Ask vendors about multiple failover sites. Due diligence on any cloud vendor should include whether the vendor has multiple data centers in different geographic regions to which it can failover. An optimal strategy that has worked well for companies is to find a cloud vendor that has a local presence near corporate headquarters, and that also has at least one secondary data center in a different geographical location. This lowers the risk of putting all of your eggs in one basket in the event of a natural or other disaster that affects a specific geographical region.
Have your IT audit firm review your DR plan for vulnerabilities. An outside IT audit firm can serve as an extra set of eyes to review your DR plan and identify any exposures you might have in using an assortment of third-party cloud vendors as part of a hybrid IT architecture. The audit firm will come back with a set of action items that you and your vendors can work on.
Include cloud vendors in your corporate risk assessments and board reports. Risk assessments, including those that concern IT, are now standard reporting items for boards of directors. It's likely that the CIO has already briefed the board on the strategic importance of moving more apps to the cloud, along with the need for a hybrid IT architecture. The next logical step is to brief the board on the risks that come with adopting a cloud IT strategy, and how the corporate DR plan is positioned to address these risks.

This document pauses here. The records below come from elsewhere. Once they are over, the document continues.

(* Let $X$ be a random variable with distribution $P$ on $\mathbb{Z}_+=\{0,1,2,\dots\}$ and mean $E(X)=\lambda>0$. Suppose that either $P(k)>0$ for all $k\in\mathbb{Z}_+$, or there is $N\in\mathbb{Z}_+$ with $P(k)=0$ for all $k>N$. Then $$D(P\,\|\,\mathrm{Po}(\lambda))\le K(X).$$
   Context: For a random variable $X$ with distribution $P$ on $\mathbb{Z}_+$ and mean $\lambda>0$, the scaled score function is $\rho_X(x)=\frac{(x+1)P(x+1)}{\lambda P(x)}-1$ and the scaled Fisher information is $K(X)=\lambda E[\rho_X(X)^2]$, i.e. $K(X)=\lambda\sum_{x\ge0}\frac{\big(\frac{(x+1)P(x+1)}{\lambda}-P(x)\big)^2}{P(x)}$, with the conventions $0/0=0$ and $c/0=\infty$ for $c>0$. $\mathrm{Po}(\lambda)$ is the Poisson distribution with mean $\lambda$, and $D(P\|Q)=\sum_x P(x)\log\frac{P(x)}{Q(x)}$ is the relative entropy (natural logarithm, conventions $0\log(0/a)=0$, $a\log(a/0)=\infty$). *)

From Stdlib Require Import Reals.
From Coquelicot Require Import Coquelicot.
Open Scope R_scope.

Definition poisson_pmf (lam : R) (x : nat) : R :=
  exp (- lam) * lam ^ x / INR (Stdlib.Arith.Factorial.fact x).

(* Since Stdlib's [ln] is 0
   on nonpositive arguments, a term with P x = 0 equals 0 (convention 0 log 0 = 0);
   Po(lam)(x) > 0 always, so no infinite terms occur. *)
Definition kl_term (P : nat -> R) (lam : R) (x : nat) : R :=
  P x * ln (P x / poisson_pmf lam x).

Definition fisher_num (P : nat -> R) (lam : R) (x : nat) : R :=
  INR (S x) * P (S x) / lam - P x.

(* [scaled_fisher_is P lam K]: the scaled Fisher information K(X) is finite and
   equals K.  Finiteness requires no term of the form c/0 with c > 0, i.e.
   P x = 0 -> fisher_num P lam x = 0; such a term is then 0/0 = 0, which is what
   Stdlib's total division gives (c^2 * /0 = 0). *)
Definition scaled_fisher_is (P : nat -> R) (lam K : R) : Prop :=
  (forall x, P x = 0 -> fisher_num P lam x = 0) /\
  is_series (fun x => lam * (fisher_num P lam x ^ 2 / P x)) K.

(* The bound is the modified log-Sobolev inequality
     Ent_Po(lam)(f) <= lam * E_Po(lam)[(f(x+1) - f(x))^2 / f(x)]
   applied to the density f = P / Po(lam).  For one Bernoulli(p) trial it follows
   from ln y <= y - 1; the chain rule for entropy, together with the joint
   convexity of (u, v) |-> u^2 / v, tensorises it to Binomial(n+1, p) with the
   factor (n+1) p.  Letting n -> oo with (n+1) p_n -> lam gives the Poisson
   inequality for finitely supported f.  Cutting P / Po(lam) off above N costs
   only the boundary term lam * P(N), which tends to 0. *)

From Stdlib Require Import Reals Lra Lia Psatz.
From Coquelicot Require Import Coquelicot.
Open Scope R_scope.

Definition bernoulli_smooth (p : R) (h : nat -> R) (x : nat) : R :=
  (1 - p) * h x + p * h (S x).

(* [binom_expect p n h] is E h(B) for B ~ Binomial(n, p), unfolded by
   conditioning on the last trial. *)
Fixpoint binom_expect (p : R) (n : nat) (h : nat -> R) : R :=
  match n with
  | O => h O
  | S m => binom_expect p m (bernoulli_smooth p h)
  end.

Lemma binom_expect_ext p n h1 h2 :
  (forall x, h1 x = h2 x) -> binom_expect p n h1 = binom_expect p n h2.
Proof.
  revert h1 h2; induction n as [|n IH]; intros h1 h2 H; simpl.
  - apply H.
  - apply IH; intro x; unfold bernoulli_smooth; rewrite !H; reflexivity.
Qed.

Lemma binom_expect_lin p n a b h1 h2 :
  binom_expect p n (fun x => a * h1 x + b * h2 x)
  = a * binom_expect p n h1 + b * binom_expect p n h2.
Proof.
  revert h1 h2; induction n as [|n IH]; intros h1 h2; simpl; [reflexivity|].
  rewrite <- IH; apply binom_expect_ext; intro x; unfold bernoulli_smooth; ring.
Qed.

Lemma binom_expect_scal p n c h :
  binom_expect p n (fun x => c * h x) = c * binom_expect p n h.
Proof.
  rewrite (binom_expect_ext p n _ (fun x => c * h x + 0 * h x)) by (intro; ring).
  rewrite binom_expect_lin; ring.
Qed.

Lemma binom_expect_const p n c : binom_expect p n (fun _ => c) = c.
Proof.
  revert c; induction n as [|n IH]; intro c; simpl; [reflexivity|].
  rewrite (binom_expect_ext p n _ (fun _ => c)); [apply IH|].
  intro; unfold bernoulli_smooth; ring.
Qed.

Lemma binom_expect_le p n h1 h2 : 0 <= p <= 1 ->
  (forall x, h1 x <= h2 x) -> binom_expect p n h1 <= binom_expect p n h2.
Proof.
  intro Hp; revert h1 h2; induction n as [|n IH]; intros h1 h2 H; simpl; [apply H|].
  apply IH; intro x; unfold bernoulli_smooth.
  pose proof (H x); pose proof (H (S x)); nra.
Qed.

Definition xlnx (x : R) : R := x * ln x.

Definition ent2 (p a b : R) : R :=
  (1 - p) * xlnx a + p * xlnx b - xlnx ((1 - p) * a + p * b).

Definition binom_ent (p : R) (n : nat) (f : nat -> R) : R :=
  binom_expect p n (fun x => xlnx (f x)) - xlnx (binom_expect p n f).

Lemma binom_ent_S p n f :
  binom_ent p (S n) f =
  binom_expect p n (fun x => ent2 p (f x) (f (S x)))
  + binom_ent p n (bernoulli_smooth p f).
Proof.
  unfold binom_ent; simpl.
  rewrite (binom_expect_ext p n (fun x => ent2 p (f x) (f (S x)))
    (fun x => 1 * bernoulli_smooth p (fun y => xlnx (f y)) x
              + (-1) * xlnx (bernoulli_smooth p f x)))
    by (intro; unfold ent2, bernoulli_smooth; ring).
  rewrite binom_expect_lin; ring.
Qed.

Lemma ln_le_sub_1 x : 0 < x -> ln x <= x - 1.
Proof.
  intro Hx; pose proof (exp_ineq1_le (ln x)) as H; rewrite exp_ln in H; lra.
Qed.

Lemma xlnx_sub_le x m : 0 <= x -> 0 < m -> xlnx x - x * ln m <= x * (x / m - 1).
Proof.
  intros Hx Hm; unfold xlnx.
  destruct (Req_dec x 0) as [->|Hx0]; [lra|].
  assert (Hr : ln (x / m) <= x / m - 1) by (apply ln_le_sub_1, Rdiv_lt_0_compat; lra).
  rewrite ln_div in Hr by lra.
  apply Rmult_le_compat_l with (r := x) in Hr; lra.
Qed.
(* Let $\mathcal{P}=(\mathcal{R},\mathcal{F},\mathcal{D},\mathcal{B})$ be a ground Capacity Logic Program, let $W^{\mathcal{D}}_{\mathcal{P}}$ be its set of belief worlds and $\xi^{\mathcal{B}}:\mathbb{P}(W^{\mathcal{D}}_{\mathcal{P}})\to\mathbb{R}^2$ the capacity for sets of belief worlds. Then both $$(W^{\mathcal{D}}_{\mathcal{P}},\ \mathbb{P}(W^{\mathcal{D}}_{\mathcal{P}}),\ \mathrm{proj}_B\circ\xi^{\mathcal{B}})\quad\text{and}\quad (W^{\mathcal{D}}_{\mathcal{P}},\ \mathbb{P}(W^{\mathcal{D}}_{\mathcal{P}}),\ \mathrm{proj}_P\circ\xi^{\mathcal{B}})$$ are normalized capacity spaces; i.e. each of $\mathrm{proj}_B\circ\xi^{\mathcal{B}}$ and $\mathrm{proj}_P\circ\xi^{\mathcal{B}}$ is a capacity on $\mathbb{P}(W^{\mathcal{D}}_{\mathcal{P}})$ and takes the value $1$ on $W^{\mathcal{D}}_{\mathcal{P}}$.
   Context: All sets are finite; there are no function symbols. Capacity: for a finite nonempty set $X$, a capacity is a function $\xi:\mathbb{P}(X)\to[0,1]$ with $\xi(\emptyset)=0$ and $A\subseteq B\Rightarrow \xi(A)\le\xi(B)$; it is normalized if $\xi(X)=1$. A (normalized) capacity space is a triple $(X,\mathbb{P}(X),\xi)$ with $\xi$ a (normalized) capacity. Belief domains: a belief domain $D$ has a finite nonempty frame of discernment $X_D$ and a mass function $\mathit{mass}(D,\cdot):\mathbb{P}(X_D)\to\mathbb{R}$ with $\mathit{mass}(D,\emptyset)=0$, $\mathit{mass}(D,A)\ge 0$ for all $A$, and $\sum_{A\subseteq X_D}\mathit{mass}(D,A)=1$. For $A\subseteq X_D$: $\mathit{Belief}(D,A)=\sum_{B\subseteq A}\mathit{mass}(D,B)$ and $\mathit{Plaus}(D,A)=1-\mathit{Belief}(D,X_D\setminus A)$. Subsets of $X_D$ are called belief events of $D$. Capacity Logic Program (CaLP): a tuple $\mathcal{P}=(\mathcal{R},\mathcal{F},\mathcal{D},\mathcal{B})$ where $\mathcal{R}$ is a finite set of ground rules, $\mathcal{F}$ is a finite set of ground probabilistic facts $p::f$ ($p\in[0,1]$, $f$ a ground atom), $\mathcal{D}$ is a finite set of belief domains, and $\mathcal{B}$ is the set of all ground belief facts $\mathit{belief}(D,B)$ with $D\in\mathcal{D}$ and $B\subseteq X_D$. A negated belief fact $\neg\,\mathit{belief}(D,B)$ is identified with $\mathit{belief}(D,X_D\setminus B)$, written $\mathit{belief}(D,\neg B)$. Canonicalization: for a set $Bel$ of belief facts, $\mathrm{doms}(Bel)$ is the set of domains occurring in it, and $\mathrm{canon}(Bel)=\{\mathit{belief}(D,\bigcap_{\mathit{belief}(D,B_i)\in Bel}B_i)\mid D\in\mathrm{doms}(Bel)\}$. $Bel$ is consistent if $\mathrm{canon}(Bel)$ contains no fact whose event is $\emptyset$. Belief worlds: a belief world of $\mathcal{P}$ is a tuple $w=(\mathcal{R},\mathcal{F}',\mathcal{D},\mathcal{B}')$ with $\mathcal{F}'\subseteq\mathcal{F}$ and $\mathcal{B}'\subseteq\mathcal{B}$ a consistent, canonical ($\mathrm{canon}(\mathcal{B}')=\mathcal{B}'$) set containing a belief fact for every domain in $\mathcal{D}$ (hence exactly one per domain). $W^{\mathcal{D}}_{\mathcal{P}}$ is the set of all belief worlds. Interval arithmetic: for nonnegative intervals, $[a,b]\,\widehat{\times}\,[c,d]=[ac,bd]$ and $[a,b]\,\widehat{+}\,[c,d]=[a+c,b+d]$; $\widehat{\prod}$ and $\widehat{\sum}$ are the iterated versions. Intervals are identified with elements of $\mathbb{R}^2$; $\mathrm{proj}_B([a,b])=a$ and $\mathrm{proj}_P([a,b])=b$. $\beta_{prb}$: for $\mathcal{F}'\subseteq\mathcal{F}$, $\beta_{prb}(\mathcal{F}')=\widehat{\prod}_{p::a\in\mathcal{F},\,a\in\mathcal{F}'}[p,p]\ \widehat{\times}\ \widehat{\prod}_{p::a\in\mathcal{F},\,a\notin\mathcal{F}'}[1-p,1-p]$. Upper belief domain probability: for a set $S$ of belief facts and a domain $D$, $BP^{\uparrow}(D,S)=[1,1]$ if $S$ contains no belief fact of domain $D$, and otherwise $BP^{\uparrow}(D,S)=[\mathit{Belief}(D,\bigcup B_i),\mathit{Plaus}(D,\bigcup B_i)]$ where the union ranges over all $B_i$ with $\mathit{belief}(D,B_i)\in S$. Capacity of sets of belief worlds: for $\mathcal{S}\subseteq W^{\mathcal{D}}_{\mathcal{P}}$, its domain partition $\mathrm{DomPrtn}(\mathcal{S})$ is the coarsest partition of $\mathcal{S}$ such that all worlds in a cell $S_i$ have the same set of probabilistic facts, denoted $\mathrm{probfacts}(S_i)$. For a cell $S_i$, $\beta_{prtn}(S_i)=\beta_{prb}(\mathrm{probfacts}(S_i))\ \widehat{\times}\ \widehat{\prod}_{D\in\mathcal{D}}BP^{\uparrow}\big(D,\bigcup_{(\mathcal{R},\mathcal{F}',\mathcal{D},\mathcal{B}')\in S_i}\mathcal{B}'\big)$ (so for each domain the belief events of that domain occurring in worlds of the cell are unioned), and $\xi^{\mathcal{B}}(\mathcal{S})=\widehat{\sum}_{S_i\in\mathrm{DomPrtn}(\mathcal{S})}\beta_{prtn}(S_i)$. *)

From HB Require Import structures.
From mathcomp Require Import all_boot all_order all_algebra.
Set Implicit Arguments. Unset Strict Implicit. Unset Printing Implicit Defensive.
Import Order.TTheory GRing.Theory Num.Theory.
Local Open Scope ring_scope.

Don't forget about your DR Public Relations plan. Whether DR planning is done for on-premises systems that companies maintain, or for systems that companies have consigned to the cloud, one of the items that is most often overlooked in IT DR plans is coordination with internal PR/marketing on a DR communications and messaging plan for the board, stakeholders, employees, and customers if a major system goes off line. An IT-PR strategy that is carefully crafted and that relays timely information to all of these concerned parties can do much to maintain confidence in the company and to restore peace of mind if disaster strikes.